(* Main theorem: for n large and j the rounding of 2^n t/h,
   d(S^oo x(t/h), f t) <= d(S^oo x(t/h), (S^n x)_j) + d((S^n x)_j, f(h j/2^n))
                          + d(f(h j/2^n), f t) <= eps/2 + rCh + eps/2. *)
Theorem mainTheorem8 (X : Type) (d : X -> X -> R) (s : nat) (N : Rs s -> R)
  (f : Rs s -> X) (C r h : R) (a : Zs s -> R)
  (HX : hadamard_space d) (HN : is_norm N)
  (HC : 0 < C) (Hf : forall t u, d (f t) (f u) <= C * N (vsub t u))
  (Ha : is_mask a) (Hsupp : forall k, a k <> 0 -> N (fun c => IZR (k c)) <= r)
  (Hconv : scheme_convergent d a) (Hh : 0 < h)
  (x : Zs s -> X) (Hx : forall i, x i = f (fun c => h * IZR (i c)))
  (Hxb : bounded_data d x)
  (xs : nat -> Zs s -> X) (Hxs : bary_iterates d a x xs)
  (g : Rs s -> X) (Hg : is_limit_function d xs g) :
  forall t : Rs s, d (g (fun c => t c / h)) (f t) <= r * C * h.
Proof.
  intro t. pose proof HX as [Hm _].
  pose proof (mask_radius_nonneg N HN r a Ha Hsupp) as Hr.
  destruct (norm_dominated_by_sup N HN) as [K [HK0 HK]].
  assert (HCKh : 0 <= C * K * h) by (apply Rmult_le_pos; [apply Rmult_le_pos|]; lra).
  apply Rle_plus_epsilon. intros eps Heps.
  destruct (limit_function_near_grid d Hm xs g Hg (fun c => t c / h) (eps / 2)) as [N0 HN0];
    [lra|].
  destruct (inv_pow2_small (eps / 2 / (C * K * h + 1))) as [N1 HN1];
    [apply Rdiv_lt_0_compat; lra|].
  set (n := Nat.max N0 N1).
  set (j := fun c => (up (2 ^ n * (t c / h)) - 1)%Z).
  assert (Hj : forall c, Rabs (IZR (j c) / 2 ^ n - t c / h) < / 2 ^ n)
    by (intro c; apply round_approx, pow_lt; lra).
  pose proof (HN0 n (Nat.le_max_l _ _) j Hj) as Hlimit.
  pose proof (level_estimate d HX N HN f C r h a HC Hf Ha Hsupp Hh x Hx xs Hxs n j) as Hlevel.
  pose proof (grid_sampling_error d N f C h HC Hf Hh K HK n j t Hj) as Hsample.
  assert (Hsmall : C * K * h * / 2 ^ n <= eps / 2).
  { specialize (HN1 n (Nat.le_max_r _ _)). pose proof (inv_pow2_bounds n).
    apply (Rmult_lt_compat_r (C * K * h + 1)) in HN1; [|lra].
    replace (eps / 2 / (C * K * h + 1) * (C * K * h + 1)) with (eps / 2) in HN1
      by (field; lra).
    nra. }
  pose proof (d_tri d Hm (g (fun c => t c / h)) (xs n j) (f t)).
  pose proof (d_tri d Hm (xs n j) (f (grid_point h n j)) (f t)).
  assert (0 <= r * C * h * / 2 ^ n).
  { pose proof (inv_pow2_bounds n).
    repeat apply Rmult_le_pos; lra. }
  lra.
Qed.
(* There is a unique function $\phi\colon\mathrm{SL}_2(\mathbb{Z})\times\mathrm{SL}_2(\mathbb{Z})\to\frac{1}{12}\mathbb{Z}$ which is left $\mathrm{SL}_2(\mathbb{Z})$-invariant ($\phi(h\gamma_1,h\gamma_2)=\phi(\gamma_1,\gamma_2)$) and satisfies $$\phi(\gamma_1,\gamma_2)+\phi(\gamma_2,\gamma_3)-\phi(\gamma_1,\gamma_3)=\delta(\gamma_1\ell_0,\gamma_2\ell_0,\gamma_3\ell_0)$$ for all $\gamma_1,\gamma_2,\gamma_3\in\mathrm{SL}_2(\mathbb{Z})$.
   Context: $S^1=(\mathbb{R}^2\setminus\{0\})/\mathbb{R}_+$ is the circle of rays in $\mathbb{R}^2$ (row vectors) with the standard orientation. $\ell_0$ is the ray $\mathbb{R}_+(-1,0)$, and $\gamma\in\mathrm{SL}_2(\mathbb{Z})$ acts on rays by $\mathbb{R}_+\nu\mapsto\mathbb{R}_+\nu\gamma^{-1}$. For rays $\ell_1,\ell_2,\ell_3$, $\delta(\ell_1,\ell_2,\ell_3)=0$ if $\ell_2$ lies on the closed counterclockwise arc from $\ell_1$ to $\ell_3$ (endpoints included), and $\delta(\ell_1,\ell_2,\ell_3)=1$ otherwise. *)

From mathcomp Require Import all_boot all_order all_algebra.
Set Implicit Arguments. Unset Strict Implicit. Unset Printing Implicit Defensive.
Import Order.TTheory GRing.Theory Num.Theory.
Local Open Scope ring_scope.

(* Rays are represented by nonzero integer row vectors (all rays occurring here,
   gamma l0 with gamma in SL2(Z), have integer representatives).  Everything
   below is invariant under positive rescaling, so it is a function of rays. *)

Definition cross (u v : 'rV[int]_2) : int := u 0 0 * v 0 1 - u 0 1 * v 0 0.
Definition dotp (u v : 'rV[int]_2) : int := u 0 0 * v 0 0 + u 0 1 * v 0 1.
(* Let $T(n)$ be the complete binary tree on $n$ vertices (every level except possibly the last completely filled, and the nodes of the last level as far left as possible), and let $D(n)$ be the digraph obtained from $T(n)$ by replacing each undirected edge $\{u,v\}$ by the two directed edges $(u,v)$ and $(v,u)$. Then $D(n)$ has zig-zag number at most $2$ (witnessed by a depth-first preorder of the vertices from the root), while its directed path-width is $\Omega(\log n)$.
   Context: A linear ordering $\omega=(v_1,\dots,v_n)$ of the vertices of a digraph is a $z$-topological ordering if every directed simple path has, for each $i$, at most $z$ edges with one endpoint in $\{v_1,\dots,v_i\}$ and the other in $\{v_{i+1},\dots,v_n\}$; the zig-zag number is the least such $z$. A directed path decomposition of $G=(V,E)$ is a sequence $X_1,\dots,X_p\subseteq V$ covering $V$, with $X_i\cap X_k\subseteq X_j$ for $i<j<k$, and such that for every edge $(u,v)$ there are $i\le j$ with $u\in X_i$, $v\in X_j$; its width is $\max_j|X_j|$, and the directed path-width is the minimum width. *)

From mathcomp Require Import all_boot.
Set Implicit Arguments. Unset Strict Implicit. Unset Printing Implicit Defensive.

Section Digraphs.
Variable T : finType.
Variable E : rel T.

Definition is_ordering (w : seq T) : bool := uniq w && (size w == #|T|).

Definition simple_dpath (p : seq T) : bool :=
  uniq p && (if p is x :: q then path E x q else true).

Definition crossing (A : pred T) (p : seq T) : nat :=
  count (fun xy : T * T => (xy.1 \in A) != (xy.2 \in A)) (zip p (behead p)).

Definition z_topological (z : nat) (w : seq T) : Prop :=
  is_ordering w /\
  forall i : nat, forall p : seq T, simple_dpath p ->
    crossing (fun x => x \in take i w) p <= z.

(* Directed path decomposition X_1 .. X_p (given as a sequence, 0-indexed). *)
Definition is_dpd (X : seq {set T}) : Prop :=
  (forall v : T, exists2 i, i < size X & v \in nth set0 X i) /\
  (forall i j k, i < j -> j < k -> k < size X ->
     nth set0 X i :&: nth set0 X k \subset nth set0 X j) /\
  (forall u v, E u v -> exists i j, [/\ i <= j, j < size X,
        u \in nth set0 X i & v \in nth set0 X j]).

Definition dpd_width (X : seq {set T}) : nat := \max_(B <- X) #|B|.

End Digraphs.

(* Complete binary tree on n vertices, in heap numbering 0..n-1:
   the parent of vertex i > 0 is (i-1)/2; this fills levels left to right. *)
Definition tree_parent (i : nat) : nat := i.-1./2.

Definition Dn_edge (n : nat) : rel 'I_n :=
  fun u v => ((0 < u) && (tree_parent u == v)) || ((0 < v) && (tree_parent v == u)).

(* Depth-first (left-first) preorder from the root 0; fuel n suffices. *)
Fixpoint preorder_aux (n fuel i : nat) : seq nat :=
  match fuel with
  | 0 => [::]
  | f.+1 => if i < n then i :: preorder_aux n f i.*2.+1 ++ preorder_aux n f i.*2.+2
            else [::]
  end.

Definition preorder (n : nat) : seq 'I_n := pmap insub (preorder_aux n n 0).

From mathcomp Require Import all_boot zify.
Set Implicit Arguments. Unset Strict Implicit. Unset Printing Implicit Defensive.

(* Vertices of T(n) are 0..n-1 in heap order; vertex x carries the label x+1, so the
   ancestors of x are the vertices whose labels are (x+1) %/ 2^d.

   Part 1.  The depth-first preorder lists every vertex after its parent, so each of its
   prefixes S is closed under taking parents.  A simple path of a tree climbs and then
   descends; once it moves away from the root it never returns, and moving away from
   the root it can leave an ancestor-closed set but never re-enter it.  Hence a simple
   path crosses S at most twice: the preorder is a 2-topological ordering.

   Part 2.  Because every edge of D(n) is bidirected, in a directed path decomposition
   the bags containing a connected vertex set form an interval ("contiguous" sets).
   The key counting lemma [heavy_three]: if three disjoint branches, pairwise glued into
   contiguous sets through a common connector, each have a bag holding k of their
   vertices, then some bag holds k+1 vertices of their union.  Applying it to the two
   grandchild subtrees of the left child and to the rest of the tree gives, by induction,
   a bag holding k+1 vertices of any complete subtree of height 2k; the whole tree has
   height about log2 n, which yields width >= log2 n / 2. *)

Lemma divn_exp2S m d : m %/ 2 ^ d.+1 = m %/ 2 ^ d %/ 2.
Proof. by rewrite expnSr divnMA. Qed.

---

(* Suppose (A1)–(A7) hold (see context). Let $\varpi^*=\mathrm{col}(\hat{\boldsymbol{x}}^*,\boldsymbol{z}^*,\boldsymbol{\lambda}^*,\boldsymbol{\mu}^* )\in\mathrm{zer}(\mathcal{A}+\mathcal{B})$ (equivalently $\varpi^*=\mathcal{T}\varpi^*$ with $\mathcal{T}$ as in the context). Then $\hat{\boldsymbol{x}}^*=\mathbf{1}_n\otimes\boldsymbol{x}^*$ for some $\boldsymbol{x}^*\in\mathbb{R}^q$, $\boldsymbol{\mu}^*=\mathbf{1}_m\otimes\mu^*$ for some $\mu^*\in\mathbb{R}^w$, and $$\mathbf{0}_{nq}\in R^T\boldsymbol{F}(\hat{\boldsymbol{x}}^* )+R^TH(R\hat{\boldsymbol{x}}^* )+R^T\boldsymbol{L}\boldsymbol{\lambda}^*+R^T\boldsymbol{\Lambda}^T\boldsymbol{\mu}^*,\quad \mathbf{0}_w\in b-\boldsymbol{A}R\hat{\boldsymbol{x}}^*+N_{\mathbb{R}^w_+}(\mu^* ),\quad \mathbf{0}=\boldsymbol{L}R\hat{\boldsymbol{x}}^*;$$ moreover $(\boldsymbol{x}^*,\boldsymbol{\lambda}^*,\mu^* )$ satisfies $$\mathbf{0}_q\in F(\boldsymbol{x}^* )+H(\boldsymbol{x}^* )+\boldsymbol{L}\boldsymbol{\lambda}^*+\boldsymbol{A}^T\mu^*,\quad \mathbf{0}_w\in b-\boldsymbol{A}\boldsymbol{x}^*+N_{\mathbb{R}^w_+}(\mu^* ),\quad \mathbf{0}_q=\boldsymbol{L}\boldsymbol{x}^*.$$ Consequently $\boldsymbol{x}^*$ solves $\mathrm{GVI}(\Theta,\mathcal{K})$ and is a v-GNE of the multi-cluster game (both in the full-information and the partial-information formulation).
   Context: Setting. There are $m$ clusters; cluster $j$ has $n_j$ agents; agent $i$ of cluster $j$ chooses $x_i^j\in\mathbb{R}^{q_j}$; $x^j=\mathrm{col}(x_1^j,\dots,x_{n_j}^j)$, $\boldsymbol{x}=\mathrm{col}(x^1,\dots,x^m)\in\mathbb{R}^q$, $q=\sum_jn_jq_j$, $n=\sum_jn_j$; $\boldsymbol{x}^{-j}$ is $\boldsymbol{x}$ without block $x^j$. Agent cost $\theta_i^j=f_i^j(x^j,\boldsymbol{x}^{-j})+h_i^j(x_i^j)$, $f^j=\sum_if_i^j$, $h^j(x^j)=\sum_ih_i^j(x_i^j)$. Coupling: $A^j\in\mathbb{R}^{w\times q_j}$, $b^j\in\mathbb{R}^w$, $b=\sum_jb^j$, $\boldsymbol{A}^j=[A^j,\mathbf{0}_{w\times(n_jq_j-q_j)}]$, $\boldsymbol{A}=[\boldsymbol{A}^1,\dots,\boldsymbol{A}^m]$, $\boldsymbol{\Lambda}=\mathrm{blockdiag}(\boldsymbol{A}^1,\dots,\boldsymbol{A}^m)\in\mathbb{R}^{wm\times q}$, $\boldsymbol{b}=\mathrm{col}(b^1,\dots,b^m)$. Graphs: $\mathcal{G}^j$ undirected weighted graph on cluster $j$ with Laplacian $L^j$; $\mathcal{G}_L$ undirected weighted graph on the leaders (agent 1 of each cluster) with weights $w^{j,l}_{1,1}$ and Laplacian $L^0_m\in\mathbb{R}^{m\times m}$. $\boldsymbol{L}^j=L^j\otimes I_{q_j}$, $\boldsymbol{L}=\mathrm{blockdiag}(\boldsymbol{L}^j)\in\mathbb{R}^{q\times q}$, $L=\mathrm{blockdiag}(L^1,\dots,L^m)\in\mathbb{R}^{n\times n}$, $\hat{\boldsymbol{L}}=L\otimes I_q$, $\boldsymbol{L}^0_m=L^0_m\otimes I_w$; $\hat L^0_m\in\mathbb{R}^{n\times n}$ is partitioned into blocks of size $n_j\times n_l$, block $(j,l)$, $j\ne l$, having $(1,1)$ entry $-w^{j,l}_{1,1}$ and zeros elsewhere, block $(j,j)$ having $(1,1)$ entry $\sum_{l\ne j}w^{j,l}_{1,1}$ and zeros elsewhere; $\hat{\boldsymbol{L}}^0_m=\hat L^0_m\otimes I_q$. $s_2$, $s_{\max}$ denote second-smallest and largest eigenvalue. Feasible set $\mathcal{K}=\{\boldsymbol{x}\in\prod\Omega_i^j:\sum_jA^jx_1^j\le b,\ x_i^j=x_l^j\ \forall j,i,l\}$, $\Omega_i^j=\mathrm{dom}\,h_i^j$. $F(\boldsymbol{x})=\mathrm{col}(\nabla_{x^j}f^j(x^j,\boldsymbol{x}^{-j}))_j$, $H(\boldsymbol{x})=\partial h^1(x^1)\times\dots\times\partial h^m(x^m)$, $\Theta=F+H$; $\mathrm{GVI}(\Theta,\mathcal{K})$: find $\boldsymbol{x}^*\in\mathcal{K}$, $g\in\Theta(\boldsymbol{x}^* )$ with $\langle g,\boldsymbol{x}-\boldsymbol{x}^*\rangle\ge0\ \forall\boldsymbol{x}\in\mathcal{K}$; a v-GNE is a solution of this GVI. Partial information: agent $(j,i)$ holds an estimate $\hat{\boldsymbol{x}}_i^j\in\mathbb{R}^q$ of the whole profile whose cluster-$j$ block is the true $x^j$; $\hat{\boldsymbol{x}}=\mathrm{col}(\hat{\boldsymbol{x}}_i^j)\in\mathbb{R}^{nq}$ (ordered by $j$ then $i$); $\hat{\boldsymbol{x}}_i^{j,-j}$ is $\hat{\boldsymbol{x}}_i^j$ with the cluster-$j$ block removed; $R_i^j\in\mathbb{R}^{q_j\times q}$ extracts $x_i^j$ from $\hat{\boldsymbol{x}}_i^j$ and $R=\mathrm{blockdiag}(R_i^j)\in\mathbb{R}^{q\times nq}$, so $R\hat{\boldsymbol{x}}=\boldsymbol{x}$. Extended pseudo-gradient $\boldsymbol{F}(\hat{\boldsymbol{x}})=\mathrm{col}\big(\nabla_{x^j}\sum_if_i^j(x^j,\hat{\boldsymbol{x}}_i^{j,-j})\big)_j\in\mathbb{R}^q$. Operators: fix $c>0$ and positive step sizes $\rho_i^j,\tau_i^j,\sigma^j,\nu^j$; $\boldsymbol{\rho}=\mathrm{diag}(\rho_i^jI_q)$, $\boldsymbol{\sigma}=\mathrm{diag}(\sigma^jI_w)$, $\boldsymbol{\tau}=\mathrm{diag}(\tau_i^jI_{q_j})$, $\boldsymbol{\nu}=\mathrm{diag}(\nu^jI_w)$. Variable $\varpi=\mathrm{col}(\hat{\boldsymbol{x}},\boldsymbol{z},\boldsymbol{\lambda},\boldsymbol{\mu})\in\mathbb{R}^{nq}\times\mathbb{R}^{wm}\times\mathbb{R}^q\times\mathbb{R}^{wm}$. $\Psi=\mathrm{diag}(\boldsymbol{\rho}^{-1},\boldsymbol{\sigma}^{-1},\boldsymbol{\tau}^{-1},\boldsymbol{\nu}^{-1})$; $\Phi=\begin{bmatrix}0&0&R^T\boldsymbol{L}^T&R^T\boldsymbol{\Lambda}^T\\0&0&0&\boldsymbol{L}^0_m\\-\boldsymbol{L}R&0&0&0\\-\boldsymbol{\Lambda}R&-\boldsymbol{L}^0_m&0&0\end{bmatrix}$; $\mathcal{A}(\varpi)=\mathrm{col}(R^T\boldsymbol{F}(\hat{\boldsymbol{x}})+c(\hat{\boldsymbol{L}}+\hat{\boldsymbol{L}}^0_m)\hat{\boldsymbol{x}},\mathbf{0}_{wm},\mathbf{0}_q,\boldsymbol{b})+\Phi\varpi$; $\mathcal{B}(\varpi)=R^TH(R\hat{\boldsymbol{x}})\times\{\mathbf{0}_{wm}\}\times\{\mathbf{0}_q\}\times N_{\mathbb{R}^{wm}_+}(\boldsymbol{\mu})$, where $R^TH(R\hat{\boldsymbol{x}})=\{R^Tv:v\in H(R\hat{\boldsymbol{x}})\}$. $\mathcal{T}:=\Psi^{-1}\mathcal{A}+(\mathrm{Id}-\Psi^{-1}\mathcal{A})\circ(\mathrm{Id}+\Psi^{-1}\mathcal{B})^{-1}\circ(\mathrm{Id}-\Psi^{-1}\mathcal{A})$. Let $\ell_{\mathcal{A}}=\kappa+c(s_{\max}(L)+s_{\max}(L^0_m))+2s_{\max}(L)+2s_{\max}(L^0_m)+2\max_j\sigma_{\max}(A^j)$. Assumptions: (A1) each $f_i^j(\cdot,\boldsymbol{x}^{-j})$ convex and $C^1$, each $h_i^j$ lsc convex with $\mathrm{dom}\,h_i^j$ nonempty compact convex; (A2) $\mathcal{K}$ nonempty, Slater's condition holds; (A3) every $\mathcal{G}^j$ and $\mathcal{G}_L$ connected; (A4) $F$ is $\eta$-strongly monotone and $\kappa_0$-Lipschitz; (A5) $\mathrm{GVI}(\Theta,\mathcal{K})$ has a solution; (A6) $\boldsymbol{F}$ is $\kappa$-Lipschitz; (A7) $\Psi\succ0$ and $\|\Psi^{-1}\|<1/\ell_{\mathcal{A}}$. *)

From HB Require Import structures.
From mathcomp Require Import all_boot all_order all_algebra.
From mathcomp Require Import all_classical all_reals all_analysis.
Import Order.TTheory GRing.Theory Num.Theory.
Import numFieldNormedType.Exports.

...

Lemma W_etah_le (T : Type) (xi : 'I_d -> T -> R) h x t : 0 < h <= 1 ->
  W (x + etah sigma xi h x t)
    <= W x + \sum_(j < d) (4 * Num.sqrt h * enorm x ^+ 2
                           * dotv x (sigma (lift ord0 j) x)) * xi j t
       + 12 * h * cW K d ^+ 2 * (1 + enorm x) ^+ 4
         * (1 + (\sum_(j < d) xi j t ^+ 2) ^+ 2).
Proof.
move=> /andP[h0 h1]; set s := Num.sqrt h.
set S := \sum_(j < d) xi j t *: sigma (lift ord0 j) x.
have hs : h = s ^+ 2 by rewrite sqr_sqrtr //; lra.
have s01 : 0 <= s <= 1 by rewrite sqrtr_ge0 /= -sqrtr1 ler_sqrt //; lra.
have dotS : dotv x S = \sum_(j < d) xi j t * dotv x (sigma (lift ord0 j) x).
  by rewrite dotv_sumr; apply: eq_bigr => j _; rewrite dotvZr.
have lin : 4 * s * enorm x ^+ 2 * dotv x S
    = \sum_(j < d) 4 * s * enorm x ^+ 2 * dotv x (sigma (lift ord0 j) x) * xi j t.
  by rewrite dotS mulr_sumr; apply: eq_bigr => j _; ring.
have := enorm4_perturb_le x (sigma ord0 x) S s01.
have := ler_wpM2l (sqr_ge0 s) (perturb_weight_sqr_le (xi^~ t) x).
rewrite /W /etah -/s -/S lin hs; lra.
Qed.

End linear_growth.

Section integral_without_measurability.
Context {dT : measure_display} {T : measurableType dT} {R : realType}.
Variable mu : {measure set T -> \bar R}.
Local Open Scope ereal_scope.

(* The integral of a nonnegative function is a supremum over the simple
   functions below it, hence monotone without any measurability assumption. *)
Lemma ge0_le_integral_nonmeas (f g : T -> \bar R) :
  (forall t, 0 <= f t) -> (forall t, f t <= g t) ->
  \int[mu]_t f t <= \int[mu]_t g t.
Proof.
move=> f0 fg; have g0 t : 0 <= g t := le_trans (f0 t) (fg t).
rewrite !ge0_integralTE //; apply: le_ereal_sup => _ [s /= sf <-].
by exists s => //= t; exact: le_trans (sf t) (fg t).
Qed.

◆ ACTION ITEM
Return, with no change at all, every line in the entries above from the line containing "u \in nth set0" through the line containing "grandchild subtrees of".

◆ RESULT
        u \in nth set0 X i & v \in nth set0 X j]).

Definition dpd_width (X : seq {set T}) : nat := \max_(B <- X) #|B|.

End Digraphs.

(* Complete binary tree on n vertices, in heap numbering 0..n-1:
   the parent of vertex i > 0 is (i-1)/2; this fills levels left to right. *)
Definition tree_parent (i : nat) : nat := i.-1./2.

Definition Dn_edge (n : nat) : rel 'I_n :=
  fun u v => ((0 < u) && (tree_parent u == v)) || ((0 < v) && (tree_parent v == u)).

(* Depth-first (left-first) preorder from the root 0; fuel n suffices. *)
Fixpoint preorder_aux (n fuel i : nat) : seq nat :=
  match fuel with
  | 0 => [::]
  | f.+1 => if i < n then i :: preorder_aux n f i.*2.+1 ++ preorder_aux n f i.*2.+2
            else [::]
  end.

Definition preorder (n : nat) : seq 'I_n := pmap insub (preorder_aux n n 0).

From mathcomp Require Import all_boot zify.
Set Implicit Arguments. Unset Strict Implicit. Unset Printing Implicit Defensive.

(* Vertices of T(n) are 0..n-1 in heap order; vertex x carries the label x+1, so the
   ancestors of x are the vertices whose labels are (x+1) %/ 2^d.

   Part 1.  The depth-first preorder lists every vertex after its parent, so each of its
   prefixes S is closed under taking parents.  A simple path of a tree climbs and then
   descends; once it moves away from the root it never returns, and moving away from
   the root it can leave an ancestor-closed set but never re-enter it.  Hence a simple
   path crosses S at most twice: the preorder is a 2-topological ordering.

   Part 2.  Because every edge of D(n) is bidirected, in a directed path decomposition
   the bags containing a connected vertex set form an interval ("contiguous" sets).
   The key counting lemma [heavy_three]: if three disjoint branches, pairwise glued into
   contiguous sets through a common connector, each have a bag holding k of their
   vertices, then some bag holds k+1 vertices of their union.  Applying it to the two
   grandchild subtrees of the left child and to the rest of the tree gives, by induction,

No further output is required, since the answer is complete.